Structured generation engines constrain a model so its output conforms to a schema. On the surface they all make the same promise: valid, schema-compliant results. But implementing constrained generation correctly is genuinely hard, and not all engines deliver the same quality: they differ in how completely they enforce the schema and in how much the constraint ends up helping or hurting the model. Knowing which engine to trust therefore matters, and that's exactly what a benchmark should tell us. Yet benchmarking these engines is itself a difficult task. There are usually two different approaches, with two different goals.
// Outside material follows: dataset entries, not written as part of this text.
(* Let ${\bf p},{\bf q}\in[0,1]^K$ with $q_k\le p_k$ for all $k$, let ${\bf u},{\bf v}\in\mathcal{S}_K$, and let $\Pi_{({\bf p},{\bf q})}\subseteq\mathcal{S}_K$ be an atomic lower and upper probability (ALUP) model generated by $({\bf p},{\bf q})$. If the aggregation scheme $({\bf u},{\bf v})$ induces Simpson's paradox in $({\bf p},{\bf q})$, then it incurs sure loss with respect to itself on $\Pi_{({\bf p},{\bf q})}$.
   Context: $\mathcal{S}_K=\{(v_1,\dots,v_K):\sum_k v_k=1,\ v_k\ge 0\}$. An ALUP model generated by $({\bf p},{\bf q})$ is a closed convex set $\Pi_{({\bf p},{\bf q})}$ of vectors $\boldsymbol\pi\in\mathcal{S}_K$ such that $\sup_{\boldsymbol\pi\in\Pi_{({\bf p},{\bf q})}}\pi_k=p_k$ and $\inf_{\boldsymbol\pi\in\Pi_{({\bf p},{\bf q})}}\pi_k=q_k$ for each $k$. The scheme $({\bf u},{\bf v})$ induces Simpson's paradox in $({\bf p},{\bf q})$ if ${\bf p}^\top{\bf u}<{\bf q}^\top{\bf v}$ or ${\bf q}^\top{\bf u}>{\bf p}^\top{\bf v}$. It incurs sure loss with respect to itself on a set $\Pi\subseteq\mathcal{S}_K$ if $\sup_{\boldsymbol\pi\in\Pi}\boldsymbol\pi^\top{\bf u}<\inf_{\boldsymbol\pi\in\Pi}\boldsymbol\pi^\top{\bf v}$ or $\inf_{\boldsymbol\pi\in\Pi}\boldsymbol\pi^\top{\bf u}>\sup_{\boldsymbol\pi\in\Pi}\boldsymbol\pi^\top{\bf v}$. *)

From HB Require Import structures.
From mathcomp Require Import all_boot all_order all_algebra.
From mathcomp Require Import all_classical all_reals all_analysis.
Set Implicit Arguments. Unset Strict Implicit. Unset Printing Implicit Defensive.
Import Order.TTheory GRing.Theory Num.Theory.
Import numFieldNormedType.Exports.
Local Open Scope classical_set_scope.
Local Open Scope ring_scope.

Definition dotv (R : realType) (K : nat) (x y : 'rV[R]_K) : R :=
  \sum_(k < K) x 0 k * y 0 k.

Definition simplex (R : realType) (K : nat) : set 'rV[R]_K :=
  [set v | \sum_(k < K) v 0 k = 1 /\ forall k, 0 <= v 0 k].

Arguments simplex R K : clear implicits.

Definition convex_set (R : realType) (K : nat) (A : set 'rV[R]_K) : Prop :=
  forall x y (t : R), A x -> A y -> 0 <= t <= 1 -> A (t *: x + (1 - t) *: y).

Definition ALUP (R : realType) (K : nat) (p q : 'rV[R]_K) (Pi : set 'rV[R]_K) : Prop :=
  [/\ Pi `<=` simplex R K, closed Pi, convex_set Pi &
      forall k : 'I_K,
        sup [set pi 0 k | pi in Pi] = p 0 k /\
        inf [set pi 0 k | pi in Pi] = q 0 k].

Definition simpson_paradox (R : realType) (K : nat) (u v p q : 'rV[R]_K) : Prop :=
  dotv p u < dotv q v \/ dotv q u > dotv p v.

Definition sure_loss_self (R : realType) (K : nat) (u v : 'rV[R]_K) (Pi : set 'rV[R]_K) : Prop :=
  sup [set dotv pi u | pi in Pi] < inf [set dotv pi v | pi in Pi] \/
  inf [set dotv pi u | pi in Pi] > sup [set dotv pi v | pi in Pi].

From HB Require Import structures.
From mathcomp Require Import all_boot all_order all_algebra.
From mathcomp Require Import all_classical all_reals all_analysis.
Import Order.TTheory GRing.Theory Num.Theory.
Local Open Scope classical_set_scope.
Local Open Scope ring_scope.

(* Every pi in an ALUP model lies coordinatewise between q and p, so for a
   nonnegative weight vector w the value pi^T w lies between q^T w and p^T w.
   Simpson's paradox, p^T u < q^T v (or q^T u > p^T v), therefore separates
   the ranges of pi^T u and pi^T v over the model. *)

Lemma simplex_coord_le1 (R : realType) (K : nat) (x : 'rV[R]_K) (k : 'I_K) :
  simplex R K x -> x 0 k <= 1.
Proof.
move=> [sum1 ge0]; rewrite -sum1 (bigD1 k) //= lerDl.
by apply: sumr_ge0 => i _; exact: ge0.
Qed.

Lemma ler_dotvl (R : realType) (K : nat) (x y w : 'rV[R]_K) :
  (forall k, 0 <= w 0 k) -> (forall k, x 0 k <= y 0 k) -> dotv x w <= dotv y w.
Proof. by move=> w_ge0 le_xy; apply: ler_sum => k _; exact: ler_wpM2r. Qed.

Section ALUPModel.

Set Implicit Arguments.

Variables (R : realType) (K : nat) (p q : 'rV[R]_K) (Pi : set 'rV[R]_K).
Hypothesis alup : ALUP p q Pi.

Lemma ALUP_coord_bounds (pi : 'rV[R]_K) (k : 'I_K) :
  Pi pi -> q 0 k <= pi 0 k <= p 0 k.
Proof.
case: alup => sub _ _ /(_ k) [<- <-] Pi_pi; apply/andP; split.
- apply: ge_inf; last by exists pi.
  by exists 0 => _ [x Pi_x <-]; case: (sub x Pi_x).
- apply: ub_le_sup; last by exists pi.
  by exists 1 => _ [x Pi_x <-]; exact: simplex_coord_le1 (sub x Pi_x).
Qed.

(* sup and inf of the empty set are 0, so an empty model forces p = q = 0. *)
Lemma ALUP_set0_dotv (w : 'rV[R]_K) :
  Pi = set0 -> dotv p w = 0 /\ dotv q w = 0.
Proof.
case: alup => _ _ _ bounds Pi0.
have img0 k : [set pi 0 k | pi in Pi] = set0 by rewrite Pi0 image_set0.
by split; rewrite /dotv big1 // => k _;
  rewrite -?(bounds k).1 -?(bounds k).2 img0 ?sup0 ?inf0 mul0r.
Qed.

Section NonnegWeight.

Variable w : 'rV[R]_K.
Hypothesis w_ge0 : forall k, 0 <= w 0 k.

Lemma ALUP_sup_dotv_le :
  Pi !=set0 -> sup [set dotv pi w | pi in Pi] <= dotv p w.
Proof.
move=> [pi Pi_pi]; apply: ge_sup; first by exists (dotv pi w), pi.
move=> _ [x Pi_x <-]; apply: ler_dotvl => // k.
by case/andP: (ALUP_coord_bounds k Pi_x).
Qed.

Lemma ALUP_inf_dotv_ge :
  Pi !=set0 -> dotv q w <= inf [set dotv pi w | pi in Pi].
Proof.
move=> [pi Pi_pi]; apply: lb_le_inf; first by exists (dotv pi w), pi.
move=> _ [x Pi_x <-]; apply: ler_dotvl => // k.
by case/andP: (ALUP_coord_bounds k Pi_x).
Qed.

End NonnegWeight.

End ALUPModel.

Theorem lemma4p2 (R : realType) (K : nat) (p q u v : 'rV[R]_K) (Pi : set 'rV[R]_K) :
  (forall k : 'I_K, 0 <= q 0 k /\ q 0 k <= p 0 k /\ p 0 k <= 1) ->
  simplex R K u -> simplex R K v ->
  ALUP p q Pi ->
  simpson_paradox u v p q ->
  sure_loss_self u v Pi.
Proof.
move=> _ [_ u_ge0] [_ v_ge0] alup paradox.
have [Pi0|/set0P Pi_ne0] := eqVneq Pi set0.
  have [pu0 qu0] := ALUP_set0_dotv alup u Pi0.
  have [pv0 qv0] := ALUP_set0_dotv alup v Pi0.
  by move: paradox; rewrite /simpson_paradox pu0 qu0 pv0 qv0 ltxx; case.
case: paradox => [pu_lt_qv|pv_lt_qu]; [left|right].
- exact: le_lt_trans (ALUP_sup_dotv_le alup u u_ge0 Pi_ne0)
    (lt_le_trans pu_lt_qv (ALUP_inf_dotv_ge alup v v_ge0 Pi_ne0)).
- exact: le_lt_trans (ALUP_sup_dotv_le alup v v_ge0 Pi_ne0)
    (lt_le_trans pv_lt_qu (ALUP_inf_dotv_ge alup u u_ge0 Pi_ne0)).
Qed.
One approach is to ask a model, constrained by the engine, to generate completions that satisfy the requirements expressed by JSON schemas. For that purpose, popular JSON Schema datasets such as JSONSchemaBench are often used. The engines are then evaluated on their ability to ensure the model returns a schema-compliant response, highlighting the advantage they provide over an unconstrained model that would sometimes violate the schema specifications. The main issue with that approach is that it does not measure what we really care about: semantic accuracy. What's the point of constraining a model if the responses provided are schema-compliant but wrong?

An alternative is to directly measure model accuracy with the structured generation engine and to compare it to an unconstrained baseline. A tree is recognized by its fruit: if the structured generation engine is of good quality, we will see a positive impact on accuracy. This is also the kind of evidence needed to address a recurring doubt, raised by several different papers, that constraining a model's output format degrades its accuracy. Measuring accuracy directly is the better approach, but it stumbles over the noise and nondeterminism of LLM text generation. You have to run many generations before seeing statistically significant results, and even then, so much depends on the JSON Schema dataset, the model, and the prompt. We can measure structured generation engines' performance for specific cases, but it's hard to generalize from there. Any benchmark results are open to accusations of cherry-picking.

Token Mask-Level Comparison

We are proposing a different approach here: assessing the validity of token masks at every step of a simulated generation. That allows us to isolate engines' action without the noise introduced by the model's generation and to analyze behavior over all tokens of the vocabulary, not just the single one sampled. Ideally, we would build an oracle based on a partial JSON Schema validator that would tell us for each token in the vocabulary whether a valid completion is possible if it were to be consumed. Then we would check that the engine's token mask agrees with it. However, there are two issues with that approach. First, building such an oracle is not easy at all. Putting aside tokenization issues, assessing what can be generated at each step to respect the JSON Schema is what engines do, so there's a bit of circularity going on. Second, even if we were to have such an oracle, we may run into scaling issues as evaluating hundreds of thousands of tokens at each generation step may require an infeasible amount of time and compute.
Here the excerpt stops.